1. Adherence to a structured protocol improved efficiency in time to mechanical thrombectomy for patients with suspected large-vessel occlusion stroke presenting to a primary stroke center, and was associated with favorable outcome.
2. Partial adherence to the assessment protocol was much more common than full adherence to the protocol.
Evidence Rating Level: 3 (Fair)
Study Rundown: With the introduction of mechanical endovascular thrombectomy for ischemic strokes caused by emergent large-vessel occlusion (ELVO), many regional stroke centers are having to augment their triage and assessment protocols to deliver patients in a timely manner to facilities with the necessary expertise. Feasibility of protocol changes need to be evaluated to ensure efficacy in identifying and managing patients in a timely manner. This study sought to evaluate the effectiveness of a new protocol to triage, diagnose, and transfer patients with clinically suspected ELVO in a region with 14 primary stroke centers (PSCs) served by one comprehensive stroke center (CSC) with facilities for endovascular intervention. The study demonstrated that for patients who underwent mechanical thrombectomy, total adherence to the established protocol was associated with reduction in time from arrival to PSC to groin puncture, time from entrance to PSC to transfer out, and improved likelihood of favorable outcome for the patient.
The strength of this study included collection of data in a prospective manner, and that it included clinically relevant outcomes in their analysis. The main limitation of the study included the small sample size, with large numbers of patients not meeting inclusion criteria. Additionally, while the study focused on a large area serving over 1.7 million people, specific geographic differences between locations may complicate the ability to replicate this study’s findings in different centers.

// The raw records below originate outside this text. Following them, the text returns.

(* Let $x=(x_1,\dots,x_m)$ and let $y=(y_1,y_2,\dots)$ be a countably infinite alphabet. With $\epsilon_{a,t}$ acting on the $y$-variables, \[\epsilon_{ut^{m-1},t}\bigl(F(u;x,y;t)\bigr)=\prod_{i=1}^m\frac{1-ut^{m-i}}{1-ut^{m-1}x_i}\] and \[\epsilon_{a,t}\bigl(F(1;x,y;t)\bigr)=t^{\binom m2}x_1\cdots x_m\prod_{i=1}^m\frac{1-at^{1-i}}{1-ax_i}.\]
   Context: For $x=(x_1,\dots,x_m)$ and infinite $y$, \[F(u;x,y;t)=\sum_{I\subseteq\{1,\dots,m\}}(-u)^{|I|}t^{\binom{|I|}{2}}\prod_{i\in I,\ j\in\{1,\dots,m\}\setminus I}\frac{tx_i-x_j}{x_i-x_j}\prod_{i\in I}\prod_{j\ge1}\frac{1-x_iy_j}{1-tx_iy_j},\] where $\prod_{j\ge1}\frac{1-zy_j}{1-tzy_j}=\exp\bigl(-\sum_{r\ge1}(1-t^r)z^rp_r(y)/r\bigr)$ is a formal power series in $z$ whose coefficients are symmetric functions of $y$, $p_r(y)=\sum_j y_j^r$ being the power sums. The specialization $\epsilon_{a,t}$ is the ring homomorphism from symmetric functions in $y$ (over the field of rational functions in the parameters) defined by $\epsilon_{a,t}(p_r)=(1-a^r)/(1-t^r)$, applied coefficientwise; the identities are understood as identities of rational functions / their power series expansions. *)

From mathcomp Require Import all_boot all_order all_algebra.
From mathcomp Require Import mpoly.

Set Implicit Arguments.
Unset Strict Implicit.
Unset Printing Implicit Defensive.

Import Order.TTheory GRing.Theory.
Local Open Scope ring_scope.

Definition ps1 (R : ringType) : nat -> R := fun n => (n == 0%N)%:R.

Definition psmul (R : ringType) (f g : nat -> R) : nat -> R :=
  fun n => \sum_(i < n.+1) f i * g (n - i)%N.

Definition pspow (R : ringType) (f : nat -> R) (k : nat) : nat -> R :=
  iter k (psmul f) (@ps1 R).

(* exp of a power series with zero constant term, over a K-algebra R *)
Definition psexp (K : fieldType) (R : lalgType K) (f : nat -> R) : nat -> R :=
  fun n => \sum_(k < n.+1) ((k`!)%:R : K)^-1 *: pspow f k n.

Definition psshift (R : ringType) (m : nat) (f : nat -> R) : nat -> R :=
  fun n => if (m <= n)%N then f (n - m)%N else 0.

Definition geo (R : ringType) (c : R) : nat -> R := fun n => c ^+ n.

(* ---------- symmetric functions via power sums ----------
   Over a field of characteristic 0, Lambda = K[p_1, p_2, ...].  The coefficient
   of z^n in prod_j (1 - z y_j)/(1 - t z y_j) = exp(-sum_r (1-t^r) z^r p_r / r)
   only involves p_1..p_n, so we compute it in K[p_1,...,p_{n+1}] =
   {mpoly K[n.+1]}, where the variable 'X_i stands for p_{i+1}. *)
Definition psum (K : fieldType) (n r : nat) : {mpoly K[n.+1]} :=
  'X_(inord r.-1).

Definition hcoef (K : fieldType) (t : K) (n : nat) : {mpoly K[n.+1]} :=
  psexp (fun r => if r == 0%N then 0
                  else - ((1 - t ^+ r) / r%:R) *: psum K n r) n.

Definition eps (K : fieldType) (a t : K) (n : nat) (f : {mpoly K[n.+1]}) : K :=
  f.@[fun i : 'I_n.+1 => (1 - a ^+ i.+1) / (1 - t ^+ i.+1)].

(* eps_{a,t} applied coefficientwise to prod_j (1 - w y_j)/(1 - t w y_j),
   evaluated at w = z * x_i (homogenized in an auxiliary variable z) *)
Definition eprod (K : fieldType) (a t w : K) : nat -> K :=
  fun n => eps a t (hcoef t n) * w ^+ n.

(* eps_{a,t}(F(u; z*x, y; t)) as a power series in z *)
Definition epsF (K : fieldType) (m : nat) (u a t : K) (x : 'I_m -> K) : nat -> K :=
  fun n => \sum_(I : {set 'I_m})
     (- u) ^+ #|I| * t ^+ 'C(#|I|, 2)
     * (\prod_(i in I) \prod_(j in ~: I) ((t * x i - x j) / (x i - x j)))
     * (\big[@psmul K/@ps1 K]_(i in I) eprod a t (x i)) n.

(* Under eps_{a,t}, the y-product attached to x_i becomes (1 - z x_i)/(1 - a z x_i): its
   logarithm is -sum_r (1 - a^r) (z x_i)^r / r, and the truncated exponential of this series is
   identified with (1 - z)/(1 - a z) through the differential equation E' = g' E.  Multiplied
   by prod_i (1 - a z x_i), eps_{a,t}(F) thus becomes the polynomial
     Phi(u, a; z) = sum_I (-u)^|I| t^C(|I|,2) A_I prod_(i in I) (1 - z x_i)
                                                   * prod_(j notin I) (1 - a z x_j),
   where A_I = prod_(i in I, j notin I) (t x_i - x_j)/(x_i - x_j), and the two identities amount
   to Phi(u, u t^(m-1); z) = prod_i (1 - u t^i) and Phi(1, a; z) = z^m prod_i x_i prod_i (t^i - a).
   Both are proved by induction on the number of variables.  For a new variable w,
   Phi(S + w) prod_(j in S) (x_j - w) is a polynomial N_S(w) of degree at most |S| + 1; pairing
   the subsets I and I + w shows that N_S vanishes at every x_j, that
   N_S(0) = (1 - u) prod_j x_j Phi(S; u t), and that its top coefficient is a multiple of
   (a - u t^|S|) Phi(S).  Subtracting from N_S the expected value of Phi(S + w) times
   prod_(j in S) (x_j - w) leaves a polynomial of degree at most |S| with the |S| + 1 roots 0
   and x_j, which therefore vanishes. *)

From mathcomp Require Import all_boot all_order all_algebra.
From mathcomp Require Import mpoly.
From mathcomp Require Import ring zify.
From Stdlib Require Import FunctionalExtensionality.
Import GRing.Theory.
Local Open Scope ring_scope.

Set Implicit Arguments.
Unset Strict Implicit.
Unset Printing Implicit Defensive.

Section TopCoefficient.
Variable R : comNzRingType.
Implicit Types (p q : {poly R}) (c d : R).

Definition topcoef p (k : nat) c := forall j, (k <= j)%N -> p`_j = if j == k then c else 0.

Lemma topcoefD p q k c d : topcoef p k c -> topcoef q k d -> topcoef (p + q) k (c + d).
Proof. by move=> hp hq j hj; rewrite coefD hp // hq //; case: eqP; rewrite ?addr0. Qed.

Lemma topcoefN p k c : topcoef p k c -> topcoef (- p) k (- c).
Proof. by move=> hp j hj; rewrite coefN hp //; case: eqP; rewrite ?oppr0. Qed.

Lemma topcoefB p q k c d : topcoef p k c -> topcoef q k d -> topcoef (p - q) k (c - d).
Proof. by move=> hp hq; apply/topcoefD/topcoefN. Qed.

Lemma topcoefZ a p k c : topcoef p k c -> topcoef (a *: p) k (a * c).
Proof. by move=> hp j hj; rewrite coefZ hp //; case: eqP; rewrite ?mulr0. Qed.

Lemma topcoefC c : topcoef c%:P 0 c.
Proof. by move=> j _; rewrite coefC. Qed.

Lemma topcoefX : topcoef 'X 1 1.
Proof. by move=> j _; rewrite coefX; case: eqP. Qed.

Lemma topcoef_widen p k c n : topcoef p k c -> (k < n)%N -> topcoef p n 0.
Proof.
move=> hp lt_kn j le_nj; rewrite hp; last exact: leq_trans (ltnW lt_kn) le_nj.
by rewrite (gtn_eqF (leq_trans lt_kn le_nj)) if_same.
Qed.

Lemma topcoef_size p k : topcoef p k 0 -> (size p <= k)%N.
Proof. by move=> hp; apply/leq_sizeP => j hj; rewrite hp // if_same. Qed.

Lemma topcoefM p q k l c d :
  topcoef p k c -> topcoef q l d -> topcoef (p * q) (k + l) (c * d).
Proof.
move=> hp hq j hj; rewrite coefM (bigD1 (Ordinal (leq_trans (leq_addr l k) hj : (k < j.+1)%N))) //=.
rewrite big1 ?addr0 => [|[i lt_ij] /= ne_ik].
  rewrite hp // eqxx hq; last by lia.
  have -> : (j - k == l)%N = (j == k + l)%N by apply/eqP/eqP; lia.
  by case: eqP; rewrite ?mulr0.
have {}ne_ik : i <> k by move=> e; rewrite -val_eqE /= e eqxx in ne_ik.
case: (ltngtP i k) => [lt_ik|lt_ki|//].
  rewrite (hq (j - i)%N); last by lia.
  have -> : (j - i == l)%N = false by apply/eqP; lia.
  by rewrite mulr0.
by rewrite hp ?(ltnW lt_ki) // (gtn_eqF lt_ki) mul0r.
Qed.

Lemma topcoef_sum (I : Type) (r : seq I) (P : pred I) (F : I -> {poly R}) (c : I -> R) k :
  (forall i, P i -> topcoef (F i) k (c i)) ->
  topcoef (\sum_(i <- r | P i) F i) k (\sum_(i <- r | P i) c i).
Proof.
move=> hF; elim/big_rec2: _ => [j _|i p q Pi hp]; first by rewrite coef0 if_same.
exact/topcoefD/hp/hF.
Qed.

Lemma topcoef_prod (I : finType) (A : {pred I}) (F : I -> {poly R}) (c : I -> R) :
  (forall i, topcoef (F i) 1 (c i)) ->
  topcoef (\prod_(i in A) F i) #|A| (\prod_(i in A) c i).
Proof.
move=> hF; rewrite -!big_enum cardE; elim: (enum A) => [|i s IH] /=.
  by rewrite !big_nil; apply: topcoefC.
by rewrite !big_cons -add1n; apply: topcoefM.
Qed.

Definition affine c d : {poly R} := c%:P + d *: 'X.

Lemma topcoef_affine c d : topcoef (affine c d) 1 d.
Proof.
have := topcoefD (topcoef_widen (topcoefC c) (ltn0Sn 0)) (topcoefZ d topcoefX).
by rewrite add0r mulr1.
Qed.

Lemma topcoef_prod_affine (I : finType) (A : {pred I}) (c : I -> R) d :
  topcoef (\prod_(i in A) affine (c i) d) #|A| (d ^+ #|A|).
Proof. by rewrite -prodr_const; apply: topcoef_prod => i; apply: topcoef_affine. Qed.

Lemma coef_affineM c d p n :
  (affine c d * p)`_n = c * p`_n + (if n is n'.+1 then d * p`_n' else 0).
Proof.
rewrite mulrDl coefD coefCM -scalerAl coefZ coefXM.
by case: n => [|n] /=; rewrite ?mulr0.
Qed.

Lemma deriv_affine c d : (affine c d)^`() = d%:P.
Proof. by rewrite derivD derivC derivZ derivX add0r -mul_polyC mulr1. Qed.

Lemma horner_affine c d y : (affine c d).[y] = c + d * y.
Proof. by rewrite hornerD hornerC hornerZ hornerX. Qed.

End TopCoefficient.

Lemma big_powersetU1 (T : finType) (V : nmodType) (F : {set T} -> V) (S : {set T}) l :
  l \notin S ->
  \sum_(I in powerset (l |: S)) F I = \sum_(I in powerset S) (F I + F (l |: I)).
Proof.
move=> lS; have notin_sub (I : {set T}) : I \subset S -> l \notin I.
  by move/subsetP=> IS; apply: contra lS => /IS.
rewrite big_split /= (bigID (fun I : {set T} => l \in I)) /= addrC; congr (_ + _).
  apply: eq_bigl => I; rewrite !powersetE; apply/andP/idP => [[IlS lI]|IS].
    apply/subsetP => j jI; move/subsetP/(_ j jI): IlS; rewrite !inE.
    by case: eqP jI => [->|_ _ //=]; rewrite (negbTE lI).
  by rewrite (subset_trans IS) ?subsetUr ?notin_sub.
rewrite (reindex_onto (fun J => l |: J) (fun I => I :\ l)) /=; last first.
  by move=> I /andP [_ lI]; rewrite setD1K.
apply: eq_bigl => J; rewrite !powersetE setU11 andbT.
apply/andP/idP => [[JlS /eqP <-]|JS]; last first.
  by rewrite setU1K ?notin_sub // setUS.
apply/subsetP => j; rewrite !inE => /andP [jl jlJ].
by have := subsetP JlS j; rewrite !inE jlJ (negbTE jl) => /(_ isT).
Qed.

Section PhiRecursion.
Variables (K : fieldType) (T : finType) (x : T -> K) (t : K).
Hypothesis x_inj : injective x.
Implicit Types (S I J : {set T}) (u a z : K).

Definition Acoef S I :=
  \prod_(i in I) \prod_(j in S :\: I) ((t * x i - x j) / (x i - x j)).

Definition wt S I u := (- u) ^+ #|I| * t ^+ 'C(#|I|, 2) * Acoef S I.

Definition factors S I a z :=
  \prod_(i in I) (1 - z * x i) * \prod_(j in S :\: I) (1 - a * z * x j).

Definition Phi S u a z := \sum_(I in powerset S) wt S I u * factors S I a z.

Lemma Phi_set0 u a z : Phi set0 u a z = 1.
Proof.
rewrite /Phi powerset0 big_set1 /wt /factors /Acoef setD0 cards0 !big_set0 bin0n.
by rewrite !expr0 !mul1r.
Qed.
Lemma gim_he i j : (i <= n)%N -> (j <= n)%N ->
  br (br (e' i) (f' i)) (e' j) = (Mn_nat n i j)%:~R *: e' j.
Proof.
move=> hi hj; rewrite /gim_f /gim_e.
case: (eqVneq i n) => [->|hin]; case: (eqVneq j n) => [->|hjn];
  rewrite ?(fchain_br_fchain_opp hn HC) ?(brNl HL) //.
- rewrite (br_sum_eigen HL (c := fun k => - (chain_wt n k n.-1)%:~R)).
    by rewrite sumrN -rmorph_sum sum_chain_wt // scaleNr opprK /Mn_nat eqxx.
  by move=> k; rewrite mem_Dsupp => hk; rewrite (h_fchain HC) //; lia.
- by rewrite (br_hsum_e hn HC) ?leq_pred // Mn_nat_sym Mn_nat_last ?intrN ?scaleNr //; lia.
- by rewrite (h_fchain HC) ?leq_pred // Mn_nat_last ?intrN //; lia.
- by rewrite (chevD_he HC) // Mn_nat_cartan //; lia.
Qed.

Lemma gim_ef i j : (i <= n)%N -> (j <= n)%N -> i != j -> (Mn_nat n i j <= 0)%R ->
  br (e' i) (f' j) = 0.
Proof.
move=> hi hj hij hM; rewrite /gim_f /gim_e.
case: (eqVneq i n) => [Ei|hin]; case: (eqVneq j n) => [Ej|hjn].
- by rewrite Ei Ej eqxx in hij.
- rewrite Ei Mn_nat_sym Mn_nat_lastE in hM; try lia.
  rewrite (br_antisym HL) (f_fchain HC) ?oppr0 // ?mem_Dsupp;
    move: hM; repeat case: ifP; lia.
- rewrite Ej Mn_nat_lastE in hM; try lia.
  rewrite (br_antisym HL); apply/eqP; rewrite oppr_eq0; apply/eqP.
  by apply: (f_fchain HCo); rewrite ?mem_Dsupp; move: hM; repeat case: ifP; lia.
- exact: (chevD_ef HC).
Qed.

Lemma gim_serre i j : (i <= n)%N -> (j <= n)%N -> i != j -> (Mn_nat n i j <= 0)%R ->
  adpow br (absz (1 - Mn_nat n i j)) (e' i) (e' j) = 0.
Proof.
move=> hi hj hij hM; rewrite /gim_e.
case: (eqVneq i n) => [Ei|hin]; case: (eqVneq j n) => [Ej|hjn].
- by rewrite Ei Ej eqxx in hij.
- rewrite Ei Mn_nat_sym Mn_nat_lastE in hM *; try lia.
  case: ifP hM => [//|j0 _]; case: ifP => [/eqP->|jl].
    by apply: (ad_fchain_sq_e HC); lia.
  by rewrite /= (br_antisym HL) (e_fchain_lt HC) ?oppr0 //; move: j0 jl; lia.
- rewrite Ej Mn_nat_lastE in hM *; try lia.
  case: ifP hM => [//|i0 _]; case: ifP => [/eqP->|il].
    by apply: (ad_e_sq_fchain HC); lia.
  by rewrite /= (e_fchain_lt HC) //; move: i0 il; lia.
- rewrite Mn_nat_cartan; try lia.
  by have [] := chevD_serre HC hi hj hij.
Qed.

Lemma gim_ee i j : (i <= n)%N -> (j <= n)%N -> i != j -> (0 < Mn_nat n i j)%R ->
  br (e' i) (e' j) = 0.
Proof.
move=> hi hj /Mn_nat_gt0 /[apply]; have n0 : (0 == n) = false by lia.
case/orP=> /andP[/eqP-> /eqP->]; rewrite /gim_e eqxx n0.
- by rewrite (e_fchain_lt HC) //; lia.
- by rewrite (br_antisym HL) (e_fchain_lt HC) ?oppr0 //; lia.
Qed.

Lemma gim_ad_ef i j : (i <= n)%N -> (j <= n)%N -> i != j -> (0 < Mn_nat n i j)%R ->
  adpow br (absz (Mn_nat n i j + 1)) (e' i) (f' j) = 0.
Proof.
move=> hi hj /Mn_nat_gt0 /[apply]; have n0 : (0 == n) = false by lia.
case/orP=> /andP[/eqP-> /eqP->]; rewrite /gim_f /gim_e eqxx n0.
- rewrite Mn_nat_lastE //; last by lia.
  change (adpow br 2 (e (inord 0)) (fchain (lie_opp br) e n.-1) = 0).
  apply/(adpow_opp_eq0 HL).
  by apply: (ad_f0_sq_fchain HCo); lia.
- rewrite Mn_nat_sym Mn_nat_lastE //=; last by lia.
  by apply: (ad_fchain_sq_f0 HC); lia.
Qed.

End GimRelations.

Lemma gim_e_lt n (L : lmodType C) (br : L -> L -> L) (e f : 'I_n.+1 -> L) (i : 'I_n.+1) :
  i != ord_max -> gim_e br e f i = e i.
Proof.
move=> hi; rewrite /gim_e ifF ?inord_val //.
by apply: contraNF hi => /eqP hin; apply/eqP/val_inj.
Qed.

Lemma gim_e_max n (L : lmodType C) (br : L -> L -> L) (e f : 'I_n.+1 -> L) :
  gim_e br e f (ord_max : 'I_n.+1) = Eelt br f.
Proof. by rewrite /gim_e eqxx Eelt_fchain. Qed.

Lemma gim_rels_chevalleyD n (L : lmodType C) (br : L -> L -> L) (e f : 'I_n.+1 -> L) :
  (2 <= n)%N -> chevalley_relsD br e f ->
  gim_rels br (fun i : 'I_n.+1 => gim_e br e f i) (fun i => gim_f br e f i)
    (fun i => br (gim_e br e f i) (gim_f br e f i)).
Proof.
move=> hn HC; have HL := chevD_lie HC; have HCo := chevalley_relsD_opp HC.
have hle (i : 'I_n.+1) : (i <= n)%N := leq_ord i.
split; [|split; [|split; [|split]]] => [i j|i j|//|i j hij|i j hij]; rewrite MnE.
- exact: gim_he.
- by rewrite [LHS](br_antisym HL); congr (- _); apply: (gim_he hn HCo).
- move=> hM; split; [exact: gim_ef | | exact: gim_serre |].
    by rewrite (br_antisym HL) (gim_ef hn HC) ?oppr0 // 1?eq_sym // Mn_nat_sym.
  by apply/(adpow_opp_eq0 HL); apply: (gim_serre hn HCo).
- move=> hM; split; [exact: gim_ee | | exact: gim_ad_ef |].
    by apply: (gim_ee hn HCo); rewrite // 1?eq_sym // Mn_nat_sym.
  by apply/(adpow_opp_eq0 HL); apply: (gim_ad_ef hn HCo).
Qed.

Theorem lemma2p4 (n : nat) (hn : (2 <= n)%N)
  (G : lmodType C) (brG : G -> G -> G) (eG fG hG : 'I_n.+1 -> G)
  (g : lmodType C) (br : g -> g -> g) (e f : 'I_n.+1 -> g) :
  is_gim brG eG fG hG ->
  chevalley_Dn br e f ->
  exists phi : G -> g,
    [/\ lie_hom brG br phi,
        (forall i : 'I_n.+1, i != ord_max -> phi (eG i) = e i),
        (forall i : 'I_n.+1, i != ord_max -> phi (fG i) = f i),
        phi (eG ord_max) = Eelt br f &
        phi (fG ord_max) = Felt br e].
Proof.
move=> [_ [_ gim_univ]] [HL [_ [_ [_ [Hhe [Hhf [Hef Hser]]]]]]].
have HC : chevalley_relsD br e f by split.
have [phi [hom phi_e phi_f _ _]] := gim_univ g br _ _ _ HL (gim_rels_chevalleyD hn HC).
exists phi; split=> // [i hi|i hi||]; rewrite ?phi_e ?phi_f.
- exact: gim_e_lt.
- exact: (gim_e_lt (lie_opp br)).
- exact: gim_e_max.
- exact: (gim_e_max (lie_opp br)).
Qed.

Click to read the study, published in JAMA Neurology
Relevant Reading: A standardized neurointerventional thrombectomy protocol leads to faster recanalization times
In-Depth [retrospective cohort]: This study included prospectively collected data from a single CSC serving 14 PSCs for a population of 1.7 million people. All patients transferred from a PSC to the CSC from July 2015 to May 2016 who underwent mechanical thrombectomy for acute large vessel occlusion were included. Patients were excluded if they underwent clot lysis during transport, had posterior circulation strokes, or were initially inpatients at outside hospitals rather than emergency department presentations. The protocol under investigation had the following components: 1) ED physicians evaluate suspected ELVO patients immediately and contact the CSC if the Los Angeles Motor Scale (LAMS) is greater than 4, 2) The CSC transport team is dispatched prior to any radiographic investigation, 3) CT angiogram is performed after non-contrast CT at the PSC within 30 minutes of arrival, 4) Images are sent to the CSC via secured cloud-based network, and 5) Patients with confirmed ELVO are transported directly to the CSC endovascular suite. A 90-day modified Rankin score (mRS) of 0-2 was considered a favorable outcome.
Of the 101 patients transferred from PSC to CSC, 70 were included in the study. The CSC protocol had full adherence in 22 patients (31.4%) and partial adherence in 48 patients (68.6%). The two groups were similar in demographics, age, NIHSS score, sex, tPA administration, and reperfusion. Patients with fully executed protocol had reduced time from PSC arrival to groin puncture by 40 minutes compared to partially executed protocol (p < 0.001). Time from PSC door-in to door-out was also reduced by 25.5 minutes (p < 0.001). Fully executed protocol was linked to improved chance of favorable outcome compared with partially executed protocol (OR 2.99; 95%CI 1.0 – 8.7).